Des besoins très variables

D’une part, les besoins des brebis varient tout au long de l’année, on distingue :

  • Les besoins d’entretien ; pour se déplacer, résister au froid après la tonte, bref, vivre! La brebis se sert de sa ration avant tout pour assurer ses besoins d’entretien!
    Par exemple, sur des parcours venteux, le besoin en UFL peut être augmenté de 10 %. Après la tonte, il peut augmenter de 50 %.

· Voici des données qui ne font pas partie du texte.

Lemma unstable_disagreement_ge x : ~~ stable G eps delta x -> min_drift <= disagreement x.
Proof.
move=> /unstable_edge[u [v [uv far]]].
have eps2_gt0 : 0 < eps ^+ 2 by rewrite exprn_gt0.
have delta2_gt0 : 0 < delta ^+ 2 by rewrite exprn_gt0.
have D_ge0 := disagreement_ge0 x.
rewrite /min_drift -div1r ler_pdivrMr; last by rewrite -invr_gt0 min_drift_gt0.
rewrite mulrDr.
have : 0 <= disagreement x * (4 / delta ^+ 2) by rewrite mulr_ge0 // divr_ge0 // ltW.
have : 0 <= disagreement x * (16 * n%:R ^+ 2 / eps ^+ 2).
  by rewrite mulr_ge0 // divr_ge0 ?mulr_ge0 ?ler0n // ltW.
suff [] : 1 <= disagreement x * (4 / delta ^+ 2) \/
          1 <= disagreement x * (16 * n%:R ^+ 2 / eps ^+ 2) by lra.
rewrite !mulrA !ler_pdivlMr // !mul1r.
case: (pselect (exists a m b,
    [/\ a \in N x m, b \in N x m & eps ^+ 2 < sqdist (x a) (x b)])).
- move=> [a [m [b [am bm ab]]]]; right.
  by have := nonclique_disagreement_ge am bm ab; lra.
- move=> no_far; left; suff cliques : nbhds_are_cliques x.
    by have := clique_sqdist_le cliques uv; lra.
  move=> a m b am bm; rewrite leNgt; apply/negP => ab.
  by apply: no_far; exists a, m, b.
Qed.

Definition unstable_runs x0 t := [set s : t.-tuple 'I_n |
  [forall k : 'I_t.+1, ~~ stable G eps delta (run G eps x0 (take k s))]].

Lemma tail_probE x0 t :
  tail_prob G eps delta x0 t = #|unstable_runs x0 t|%:R / (n ^ t)%:R.
Proof. by []. Qed.

Lemma tail_prob_ge0 x0 t : 0 <= tail_prob G eps delta x0 t.
Proof. by rewrite divr_ge0 ?ler0n. Qed.

(* [n ^ t] times the expected potential after [t] random updates. *)
Definition total_potential x0 t :=
  \sum_(s : t.-tuple 'I_n) potential (run G eps x0 s).

Lemma total_potential_step x0 t :
  total_potential x0 t.+1 <=
  n%:R * total_potential x0 t - 2 * min_drift * #|unstable_runs x0 t|%:R.
Proof.
have step s : \sum_v potential (run G eps x0 (rcons_tuple s v)) <=
    n%:R * potential (run G eps x0 s) -
    (if s \in unstable_runs x0 t then 2 * min_drift else 0).
  under eq_bigr do rewrite /run /= foldl_rcons.
  apply: le_trans (sum_potential_update_le _) _.
  have := disagreement_ge0 (run G eps x0 s); case: ifP => [s_unstable | _]; last by lra.
  have : ~~ stable G eps delta (run G eps x0 s).
    move: s_unstable; rewrite inE => /forallP /(_ ord_max).
    by rewrite take_oversize ?size_tuple.
  by move/unstable_disagreement_ge; lra.
rewrite /total_potential big_rcons_tuple.
apply: le_trans (ler_sum _ (fun s _ => step s)) _.
by rewrite sumrB -mulr_sumr -big_mkcond sumr_const mulr_natr.
Qed.

Lemma tail_prob_void x0 t : n = 0%N -> tail_prob G eps delta x0 t = 0.
Proof.
move=> n0; rewrite tail_probE eq_card0 ?mul0r // => s; rewrite !inE.
apply/negbTE/forallPn; exists ord0; rewrite negbK.
by apply/forallP => u; have := ltn_ord u; rewrite {2}n0.
Qed.

Lemma total_potential0 x0 : total_potential x0 0 = potential x0.
Proof.
rewrite /total_potential (big_pred1 [tuple]) // => s.
by apply/esym/eqP; exact: tuple0.
Qed.

Lemma sum_tail_prob_le x0 K :
  \sum_(k < K) tail_prob G eps delta x0 k <= n%:R / (2 * min_drift) * potential x0.
Proof.
have drift_gt0 := min_drift_gt0.
have [n0 | n_gt0] := posnP n.
  by rewrite big1 => [|k _]; [rewrite n0 !mul0r | exact: tail_prob_void].
have pow_neq0 k : (n ^ k)%:R != 0 :> R by rewrite pnatr_eq0 -lt0n expn_gt0 n_gt0.
have n_neq0 : n%:R != 0 :> R by rewrite pnatr_eq0 -lt0n.
have drift_neq0 : min_drift != 0 by rewrite gt_eqF.
pose c := 2 * min_drift / n%:R.
have c_gt0 : 0 < c by rewrite divr_gt0 ?mulr_gt0 ?ltr0n.
have bound : c * \sum_(k < K) tail_prob G eps delta x0 k <= potential x0.
  have := @telescope_sum_le _ (fun k => total_potential x0 k / (n ^ k)%:R)
    (tail_prob G eps delta x0) c _ _ K.
  rewrite /= expn0 divr1 total_potential0; apply.
  - move=> k; rewrite tail_probE.
    apply: le_trans (ler_wpM2r _ (total_potential_step x0 k)) _.
      by rewrite invr_ge0 ler0n.
    by rewrite expnS natrM /c le_eqVlt; apply/orP; left; apply/eqP; field; apply/andP.
  - move=> k; rewrite divr_ge0 ?ler0n //.
    by apply: sumr_ge0 => s _; exact: potential_ge0.
rewrite -(ler_pM2l c_gt0); apply: le_trans bound _.
by rewrite /c le_eqVlt; apply/orP; left; apply/eqP; field; apply/andP.
Qed.

Lemma sum_tail_prob_le_poly x0 K :
  \sum_(k < K) tail_prob G eps delta x0 k <=
  8%:R * n%:R ^+ 3 * (n%:R ^+ 2 + (eps / delta) ^+ 2).
Proof.
apply: le_trans (sum_tail_prob_le x0 K) _.
have coef_ge0 : 0 <= n%:R / (2 * min_drift).
  by rewrite divr_ge0 ?ler0n ?mulr_ge0 ?ltW ?min_drift_gt0.
apply: le_trans (ler_wpM2l coef_ge0 (potential_le x0)) _.
have delta_neq0 : delta != 0 by rewrite gt_eqF.
have eps_neq0 : eps != 0 by rewrite gt_eqF.
rewrite /min_drift invf_div.
have -> : n%:R * ((4 / delta ^+ 2 + 16 * n%:R ^+ 2 / eps ^+ 2) / 2) *
    (n%:R ^+ 2 * eps ^+ 2) = 8 * n%:R ^+ 5 + 2 * (n%:R ^+ 3 * (eps / delta) ^+ 2).
  by field; apply/andP.
have : 0 <= n%:R ^+ 3 * (eps / delta) ^+ 2 :> R by rewrite mulr_ge0 ?sqr_ge0 ?exprn_ge0.
lra.
Qed.

End HegselmannKrause.

Theorem theorem2 :
  exists C : nat, forall (R : realType) (d n : nat) (eps delta : R)
    (x0 : state R d n),
    0 < eps -> 0 < delta ->
    (@expected_conv_time R d n (@complete_graph n) eps delta x0 <=
       ((C%:R * n%:R ^+ 3 * (n%:R ^+ 2 + (eps / delta) ^+ 2) : R))%:E)%E.
Proof.
exists 8%N => R d n eps delta x0 eps_gt0 delta_gt0.
apply: lime_le.
  by apply: is_cvg_nneseries => k _ _; rewrite lee_fin tail_prob_ge0.
apply: nearW => K; rewrite sumEFin lee_fin big_mkord.
exact: sum_tail_prob_le_poly.
Qed.
Lemma Approx_subst_eval G A (t : Tm G A) D (s : Sub D G) rho :
  ApproxSub G s rho -> Approx A (subst t s) (eval t D rho).
Proof.
  revert D s rho; induction t; intros D0 s rho Happrox.
  - apply ApproxSub_lookup; auto.
  - intros D w a x Hx; simpl.
    eapply Approx_conv; [apply beta_fun |]; rewrite subst_beta_liftSub.
    apply IHt; simpl; split; auto; apply ApproxSub_wk; auto.
  - pose proof (IHt1 _ _ _ Happrox D0 (idWk D0) _ _ (IHt2 _ _ _ Happrox)) as Happ.
    rewrite wkTm_idWk in Happ; exact Happ.
  - simpl; eapply Approx_conv; [apply beta_box |]; simpl.
    change (wkeepL (idWk D0)) with (idWk (clock D0)); rewrite wkTm_idWk.
    apply IHt; simpl; exists s; auto.
  - change (eval (unbox t r) D0 rho) with (boxElimNT (eval t) D0 (evalRel r D0 rho)).
    pose proof (ApproxSub_factorSub r _ _ Happrox) as Hfactor.
    destruct (evalRel r D0 rho) as [D1 r1 e1].
    destruct Hfactor as [s1 [Hs1 Happrox1]]; simpl; rewrite Hs1; simpl.
    pose proof (Approx_wk _ _ (factor e1) (IHt _ _ _ Happrox1)) as Hwk; simpl in Hwk.
    rewrite factorWk_factor, wkTm_idWk in Hwk; exact Hwk.
Qed.

Fixpoint idEnv (G : Ctx) : Env G G :=
  match G as G return Env G G with
  | cnil => tt
  | cext G A =>
      (pshWk (Env G) (wdrop A (idWk G)) (idEnv G), reflect (reifyReflect A) (var (vz G A)))
  | clock G => lockIn (idEnv G) (r_nil G)
  end.

Lemma ApproxSub_idSub G : ApproxSub G (idSub G) (idEnv G).
Proof.
  induction G; simpl.
  - exact I.
  - split; [apply ApproxSub_wk, IHG | apply (proj1 (Approx_reflect_reify t))].
  - exists (idSub G); auto.
Qed.

Definition nbe G A (t : Tm G A) : Tm G A := reify (reifyReflect A) (eval t G (idEnv G)).

Lemma Conv_nbe G A (t : Tm G A) : Conv t (nbe t).
Proof.
  pose proof (Approx_subst_eval t _ _ (ApproxSub_idSub G)) as Happrox.
  rewrite subst_idSub in Happrox.
  exact (proj2 (Approx_reflect_reify A) G t _ Happrox).
Qed.

Theorem theorem5 (G : Ctx) (A : Ty) (t u : Tm G A) :
  (forall (M : CCC) (F : Adj M) (io : Obj M),
      @semTm M F io G A t = @semTm M F io G A u) ->
  Conv t u.
Proof.
  intros Hsem.
  assert (Hnbe : nbe t = nbe u) by (unfold nbe, eval; rewrite Hsem; reflexivity).
  eapply conv_trans; [apply Conv_nbe |].
  rewrite Hnbe; apply conv_sym, Conv_nbe.
Qed.
(* The logic $\mathsf{F}(\mathrm{LTL}[\mathsf{O}])$ can be exponentially more succinct than $\mathrm{LTL}[\mathsf{X},\mathsf{wX},\mathsf{F},\mathsf{G}]$ (over finite traces). That is, there exist finite sets of atomic propositions $AP_n$ and languages $\mathcal{L}_n \subseteq (2^{AP_n})^+$, $n \geq 1$, such that for every $n\ge 1$: (i) there is a formula $\phi \in \mathsf{F}(\mathrm{LTL}[\mathsf{O}])$ with $\mathcal{L}(\phi)=\mathcal{L}_n$ and $\mathrm{size}(\phi)$ bounded by a polynomial in $n$; and (ii) every formula $\psi\in \mathrm{LTL}[\mathsf{X},\mathsf{wX},\mathsf{F},\mathsf{G}]$ with $\mathcal{L}(\psi)=\mathcal{L}_n$ has $\mathrm{size}(\psi) \in 2^{\Omega(n)}$.
   Context: Let $AP$ be a finite set of atomic propositions and $\Sigma=2^{AP}$. Formulae (in negation normal form) are generated by $\phi ::= p \mid \neg p \mid \phi\lor\phi\mid\phi\land\phi\mid \mathsf{X}\phi\mid\mathsf{wX}\phi\mid\mathsf{F}\phi\mid\mathsf{G}\phi\mid\mathsf{Y}\phi\mid\mathsf{wY}\phi\mid\mathsf{O}\phi\mid\mathsf{H}\phi$ with $p\in AP$. For a finite non-empty trace $\sigma=w_0\cdots w_m\in\Sigma^+$ (so $|\sigma|=m+1$, $\sigma[i]=w_i$) and a position $0\le i<|\sigma|$: $\sigma,i\models p$ iff $p\in\sigma[i]$; $\sigma,i\models\neg p$ iff $p\notin\sigma[i]$; $\lor,\land$ as usual; $\sigma,i\models\mathsf{X}\phi$ iff $i+1<|\sigma|$ and $\sigma,i+1\models\phi$; $\sigma,i\models\mathsf{wX}\phi$ iff $i+1=|\sigma|$ or $\sigma,i+1\models\phi$; $\sigma,i\models\mathsf{F}\phi$ iff $\sigma,j\models\phi$ for some $i\le j<|\sigma|$; $\sigma,i\models\mathsf{G}\phi$ iff $\sigma,j\models\phi$ for all $i\le j<|\sigma|$; $\sigma,i\models\mathsf{Y}\phi$ iff $i>0$ and $\sigma,i-1\models\phi$; $\sigma,i\models\mathsf{wY}\phi$ iff $i=0$ or $\sigma,i-1\models\phi$; $\sigma,i\models\mathsf{O}\phi$ iff $\sigma,j\models\phi$ for some $0\le j\le i$; $\sigma,i\models\mathsf{H}\phi$ iff $\sigma,j\models\phi$ for all $0\le j\le i$. $\sigma\models\phi$ means $\sigma,0\models\phi$, and $\mathcal{L}(\phi)=\{\sigma\in\Sigma^+:\sigma\models\phi\}$. Size: $\mathrm{size}(p)=\mathrm{size}(\neg p)=1$, $\mathrm{size}(\circ\phi)=\mathrm{size}(\phi)+1$ for each unary temporal operator $\circ$, $\mathrm{size}(\phi_1\circ\phi_2)=\mathrm{size}(\phi_1)+\mathrm{size}(\phi_2)+1$ for $\circ\in\{\land,\lor\}$. For a set $S$ of temporal operators, $\mathrm{LTL}[S]$ is the set of formulae all of whose temporal operators lie in $S$, and $\mathsf{F}(\mathrm{LTL}[S])$ is the set of formulae of the form $\mathsf{F}(\alpha)$ with $\alpha\in\mathrm{LTL}[S]$. *)

From mathcomp Require Import all_boot.
Set Implicit Arguments. Unset Strict Implicit. Unset Printing Implicit Defensive.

À ces besoins d’entretien se rajoutent dans l’année :

  • Les besoins particuliers liés à la gestation. Besoins très élevés avec une capacité d’ingestion limitée!
  • Les besoins liés à la lactation, importants en début de campagne, ils baissent progressivement.

 

D’autre part, les besoins des brebis sur une journée sont fixes :

  • Le besoin en « volume à ruminer » et en matière sèche. Les ruminants ont besoin de fourrage fibreux pour ruminer.
  • Le besoin en énergie (traduit en UFL) ; Cette énergie est d’abord apportée par la fermentation du fourrage consommé dans la panse puis complémenté si besoin par des céréales.
  • Le besoin en protéines (traduit en PDI) ; elles sont d’abord apportées par la digestion du fourrage consommé et des microorganismes dans l’intestin, puis si besoin par l’ajout de protéagineux dans la ration.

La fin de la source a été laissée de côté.